B. Craplet ne dit rien des chapiteaux de cette église mais il s’agit bien d’un ensemble roman. Pourtant, si les chapiteaux du côté sud du rond-point ne semblent pas poser de problème

d’authenticité, ceux du côté nord paraissent avoir été refaits.

Comme à Maringues, un seul chapiteau (Sr2) (fig. 120) montre des personnages : deux minotaures et un diable entre deux personnages. Cette dernière scène est orientée vers le

déambulatoire, alors que les minotaures sont du côté de l’autel. Il semble que, là aussi, le rond-point ait servi à garder le souvenir d’un évènement : un pacte avec le diable ou une soumission. Mais aucune inscription ne nous renseigne sur le sujet : idée du concepteur ou évènement historique ? B. Phalip cite ce chapiteau comme « la seule figure moralisatrice de l’édifice » et montre en photo cette face avec la légende suivante : « le démon tenant les réprouvés liés par le péché »421.

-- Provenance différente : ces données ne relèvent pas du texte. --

Lemma not_iso_large l : prime l -> l != 5%N -> (4 < l)%N ->
  ~ graph_iso (alpha25 l) (beta25 l).
Proof.
move=> l_prime l_neq5 l_gt4 [f [[g fK gK] f_iso]].
have omega_coord_inv d (d_dir : d \in [:: dir1; dir2]) p :
    ((g (p + (d, 1))).1).2 = ((g p).1).2.
  set q := p + _; apply/eqP; rewrite -subr_eq0; apply: contraTT isT => s2_neq0.
  have adj_gpq : cover_adj (alpha25 l) (g p) (g q).
    by rewrite f_iso !gK; apply: cover_adj_beta_dirs.
  have := leq_card_four_cycles (g p) (g q) (can_inj fK) f_iso; rewrite !gK => le_ab.
  have := leq_trans (card_four_cycles_alpha l_gt4 adj_gpq s2_neq0) le_ab.
  by rewrite leqNgt ltnS card_four_cycles_beta.
have := cover_translation_invariant_const l_prime l_neq5
  (omega_coord_inv _ (mem_head _ _)) (omega_coord_inv _ (mem_last _ _))
  (f (f25 0 0, 0)) (f (f25 0 1, 0)).
by rewrite !fK; vm_compute.
Qed.

Lemma not_iso_3 : ~ graph_iso (alpha25 3) (beta25 3).
Proof.
move=> [f [[g fK gK] f_iso]].
pose u : cover_vertex 3 := 0; pose v : cover_vertex 3 := (dir1, 1).
have adj_uv : cover_adj (alpha25 3) u v by rewrite cover_adjE /cover_step is_squareE alphaE.
have adj_fuv : cover_adj (beta25 3) (f u) (f v) by rewrite -f_iso.
have := leq_card_four_cycles u v (can_inj fK) f_iso.
rewrite (card_cover_four_cycles (@alphaE 3) alpha_lift_odd adj_uv).
rewrite (card_cover_four_cycles (@betaE 3) beta_lift_odd adj_fuv).
rewrite !(eq_four_cycle_dirs _ _ (fun n => @intr_Zp_eq0 3 n isT)).
have -> : v.1 - u.1 = dir1 by rewrite subr0.
rewrite !card_four_cycle_dirs -alpha_tabE -beta_tabE.
have /allP/(_ _ (enc_mem_codes ((f v).1 - (f u).1)))/implyP := beta_four_cycle_dirs_code_mod3.
rewrite sq_tabE => /(_ (andP adj_fuv).1) beta_le.
by move/(leq_trans alpha_four_cycle_dirs_code_mod3)/leq_trans/(_ beta_le).
Qed.

Lemma adj_matrixE l (a : F25 -> 'Z_l) :
  adj_matrix a = fun_mx (fun u v => (cover_adj a u v)%:R).
Proof. by apply/matrixP => i j; rewrite !mxE. Qed.

Section CoverLift.
Variable l : nat.
Local Notation V := (cover_vertex l).

Lemma sum_cover (G : V -> algC) : \sum_(v : V) G v = \sum_(x : F25) \sum_(i : 'Z_l) G (x, i).
Proof. by rewrite pair_bigA; apply: eq_bigr => -[]. Qed.

Definition lift_mx (m : F25 -> F25 -> int) : 'M[algC]_#|V| :=
  fun_mx (fun u v : V => (u.2 == v.2)%:R * (m u.1 v.1)%:~R).

Lemma lift_mxM m m' :
  lift_mx m *m lift_mx m' = lift_mx (fun x z => \sum_y m x y * m' y z).
Proof.
rewrite fun_mxM; apply: eq_fun_mx => u w; rewrite sum_cover rmorph_sum mulr_sumr.
apply: eq_bigr => y _.
rewrite -(sum_pred1 u.2 (fun i => (i == w.2)%:R * (m u.1 y * m' y w.1)%:~R)).
by apply: eq_bigr => i _ /=; rewrite intrM; ring.
Qed.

La scène montre deux personnages, l’un barbu, l’autre imberbe, placés sur les angles de la corbeille. Au centre un diable unit leurs mains ; il est disposé frontalement, ailé, son corps et son visage marqués de striures figurant certainement des rides, ses cheveux implantés au niveau des sourcils et dressés à la verticale, des pattes d’animal. Il semble sourire, les lèvres entrouvertes, et ses ailes passent derrière la tête des deux personnages, les englobant dans un même ensemble.

Cette scène est séparée de celle des minotaures, de chaque côté, par un arbre ressemblant aux caulicoles souvent rencontrés, mais plus simples. Ils ne sont pas placés au centre de la corbeille, mais directement derrière les deux personnages précités. En effet, les deux personnages de la face nord sont des hybrides et leurs corps animaux débordent largement sur les faces latérales : ils ont une tête humaine munies d’oreilles animales et de cornes énormes, auxquels s’ajoutent un corps animal avec une queue se terminant par un énorme fruit ressemblant à une pomme de pin ; l’un est imberbe l’autre barbu et ce dernier ne possède pas d’oreilles. Ils tiennent d’une main leur queue, de l’autre la tige d’une plante placée entre eux.

L’association entre les deux scènes ne doit certainement rien au hasard et le fait, qu’à chaque fois, l’un des personnages est barbu et l’autre non incite à faire un parallèle entre les deux images. Mais pour trouver la clef de lecture et les raisons de cette juxtaposition, il faut d’abord examiner ce que signifient ces hybrides dans une église.

1 - Les minotaures

Il s’agit ici de minotaures : à la différence des centaures qui sont formés d’un corps d’équidé et d’un buste et d’une tête humains, les minotaures sont formés à partir du taureau. Et si, comme ici, les pattes ou les détails de la partie animale n’offrent pas de détails significatifs, les énormes cornes suffisent à caractériser cet hybride. Cette identification peut être affirmée car deux exemples régionaux sont accompagnés d’inscriptions qui les identifient formellement : un chapiteau de l’église Saint- André de Besse-en-Chandesse (fig. 121) et un autre dans le déambulatoire de Saint-Etienne de Maringues (fig. 122). Sur le premier, déformé sans doute par l’ignorance du sculpteur, on lit :

MINORTA VRS ; sur le deuxième MEDIO TAURI. Le personnage est donc bien à moitié taureau.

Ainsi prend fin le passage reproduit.